Даже те, кто знал о ней лишь издалека.
Она умела портить людям жизнь качественно, профессионально, надолго и совершенно просто так.
Ради «чистого» искусства.
Ради красивого момента.
Такие люди весьма редки — как бы ни казалось окружающим.
И живут они, на удивление, долго.
Эта тётка, несмотря на буквальный букет совершенно смертельных болезней, тянувшихся с самого детства, дотянула до девяноста пяти.
Все очень удивились, когда она умудрилась поскользнуться на идеально очищенном зимнем тротуаре и удариться головой о невесть откуда взявшийся на асфальте небольшой камень.
Срок вышел.
Смерть её не смутила.
Но уходить не хотелось. Всё было ей здесь мило. Девятиэтажный советский дом с пахучим подъездом и тесными квартирками.
Подъезд был классический, девятиэтажный, советский — из тех, что строили не для жизни, а для учёта.
Серые стены, выкрашенные когда-то масляной краской цвета «грязная мята», давно покрылись потёками, царапинами и надписями, смысл которых утратился вместе с авторами. Где-то под потолком темнело пятно от давнего пожара или просто от времени — здесь это было одно и то же.
Лифт жил своей отдельной, шумной жизнью.
Он гремел, скрипел, вздыхал и трясся, словно каждый подъём был для него последним. Двери смыкались с металлическим стоном, а при остановке он обязательно делал маленький, подлый рывок — чтобы напомнить пассажирам, кто здесь главный.
Иногда лифт застревал.
Тогда подъезд наполнялся эхом матов, глухих ударов по дверям и приглушённого панического дыхания.
Мусоропровод тянулся вдоль лестничных пролётов, как вертикальный кишечник дома.
Из его люков периодически тянуло кисловатым запахом гнили, капусты, кошачьей мочи и чего-то неопределимо старого — запахом всех прожитых здесь десятилетий. Иногда внутри что-то глухо падало, с металлическим звоном, и этот звук долго катился вниз, будто проваливаясь не в подвал, а куда-то глубже.
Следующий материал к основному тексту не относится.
Definition kvisible k (M : {set T}) u v :=
  exists q, [/\ is_geodesic e u q v, (size q).+1 <= k & all (fun x => x \notin M) q].

Lemma is_walk_rev : symmetric e -> forall u q v, is_walk e u q v -> is_walk e v (rev q) u.
Proof.
move=> e_sym u q v; rewrite /is_walk -(@eq_path _ (fun x y => e y x)); last first.
  by move=> x y; rewrite e_sym.
by rewrite -rev_path last_rcons belast_rcons rev_cons.
Qed.

Lemma kvisible_sym k M u v : symmetric e -> kvisible k M u v -> kvisible k M v u.
Proof.
move=> e_sym [q [[quv q_min] q_size q_out]].
exists (rev q); split; rewrite ?size_rev ?all_rev //.
split; first exact: (is_walk_rev e_sym quv).
by move=> q' /(is_walk_rev e_sym) /q_min; rewrite !size_rev.
Qed.

Lemma kdmv_set_clique k (M : {set T}) : 0 < k ->
  {in M &, forall u v, u != v -> e u v} -> kdmv_set e k M.
Proof.
move=> k_gt0 M_clique u v uM vM uv; exists [::]; split=> //; split=> //.
by rewrite /is_walk /= M_clique.
Qed.

Lemma card_le_mul_partition (P : {set {set T}}) (D : {set T}) c :
  partition P D -> {in P, forall B : {set T}, #|B| <= c} -> #|D| <= c * #|P|.
Proof.
move=> partP Ple; rewrite (card_partition partP) mulnC -sum_nat_const.
exact: leq_sum.
Qed.

Lemma kdmv_partition_of_labels k m (lab : T -> nat) :
  (forall x, lab x < m) -> (forall i, i < m -> exists x, lab x = i) ->
  (forall i, kdmv_set e k [set x | lab x == i]) ->
  exists P, kdmv_partition e k P /\ #|P| = m.
Proof.
move=> lab_lt lab_onto lab_kdmv.
exists [set [set x | lab x == val i] | i : 'I_m]; split; last first.
  rewrite card_imset ?card_ord // => i j /setP eq_ij.
  have [x lab_x] := lab_onto i (ltn_ord i).
  by have := eq_ij x; rewrite !inE lab_x eqxx => /esym/eqP/val_inj.
split; last by move=> B /imsetP[i _ ->].
apply/and3P; split.
- apply/eqP/setP => x; rewrite inE; apply/bigcupP.
  by exists [set y | lab y == lab x]; [apply/imsetP; exists (Ordinal (lab_lt x)) | rewrite inE].
- apply/trivIsetP => _ _ /imsetP[i _ ->] /imsetP[j _ ->] neq_ij.
  rewrite disjoints_subset; apply/subsetP => x; rewrite !inE => /eqP lab_i.
  by apply: contra neq_ij => /eqP lab_j; apply/eqP/setP => y; rewrite !inE -lab_i lab_j.
- apply/imsetP => -[i _ /setP eq_i].
  have [x lab_x] := lab_onto i (ltn_ord i).
  by have := eq_i x; rewrite !inE lab_x eqxx.
Qed.

Lemma is_chi_mu_of_labels k c m (lab : T -> nat) :
  (forall x, lab x < m) -> (forall i, i < m -> exists x, lab x = i) ->
  (forall i, kdmv_set e k [set x | lab x == i]) ->
  (forall M, kdmv_set e k M -> #|M| <= c) -> c * m.-1 < #|T| -> is_chi_mu e k m.
Proof.
move=> lab_lt lab_onto lab_kdmv kdmv_le m_min; split.
  exact: kdmv_partition_of_labels lab_lt lab_onto lab_kdmv.
move=> P [partP P_kdmv].
have := card_le_mul_partition partP (fun B BP => kdmv_le B (P_kdmv B BP)).
rewrite cardsT => /(leq_trans m_min); rewrite ltn_mul2l; lia.
Qed.

End Visibility.

Lemma is_chi_mu_ord n (e : rel 'I_n) k c m (lab : nat -> nat) :
  (forall x, x < n -> lab x < m) -> (forall i, i < m -> exists2 x, x < n & lab x = i) ->
  (forall i, kdmv_set e k [set x : 'I_n | lab x == i]) ->
  (forall M, kdmv_set e k M -> #|M| <= c) -> c * m.-1 < n -> is_chi_mu e k m.
Proof.
move=> lab_lt lab_onto lab_kdmv kdmv_le m_min.
apply: (is_chi_mu_of_labels (c := c) (lab := fun x : 'I_n => lab x)); rewrite ?card_ord //.
- by move=> x; apply: lab_lt.
- by move=> i /lab_onto[x x_lt lab_x]; exists (Ordinal x_lt).
Qed.

Section OrdinalSets.
Variables (n : nat) (M : {set 'I_n}) (x0 : 'I_n).

Lemma sorted_enum_ord_set : sorted ltn [seq val x | x <- enum M].
Proof.
apply: (subseq_sorted ltn_trans _ (iota_ltn_sorted 0 n)).
rewrite -val_enum_ord; apply: map_subseq.
have -> : enum M = filter (mem M) (enum 'I_n) by rewrite enumT.
exact: filter_subseq.
Qed.

Lemma nth_enum_ord_set_lt i j : i < j < #|M| ->
  nth x0 (enum M) i < nth x0 (enum M) j.
Proof.
move=> /andP[ij jM]; have size_M : size (enum M) = #|M| by rewrite cardE.
rewrite -!(nth_map x0 (val x0)) ?size_M //; last exact: ltn_trans jM.
apply: (sorted_ltn_nth ltn_trans (val x0) sorted_enum_ord_set) => //;
  rewrite inE size_map size_M //; exact: ltn_trans jM.
Qed.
Лестница была тёмной даже днём.
Лампочки перегорали регулярно, и их либо забывали менять, либо выкручивали намеренно — из экономии или вредности. Перила липли к ладоням, ступени были истёрты до округлости, словно по ним годами таскали не людей, а тяжёлые, усталые судьбы.
Этот подъезд всё видел.
Скандалы, похороны, милицию, скорые, пьяные признания в любви, детские коляски, которые больше никогда не поднимались обратно.
И ничего не забывал. И тётка призрак не забывала. Ничего, никогда. Тем более, что после смерти, возможностей для сплетен, кляуз и прочих шапоклячьих радостей стало только больше.
Она уже крутила в голове, как подать новость.
По всему выходило, что после обеда надо будет присесть четвёртой на скамейке запасных.
Скамейка запасных — бабкоскамейка перед входом в подъезд.
Бездетные бабки в этих краях часто начинали воспринимать всех встречных как падчериц и пасынков — и умело обустраивали им жизнь ничуть не хуже, чем сказочные мачехи своим сказочным же подопечным.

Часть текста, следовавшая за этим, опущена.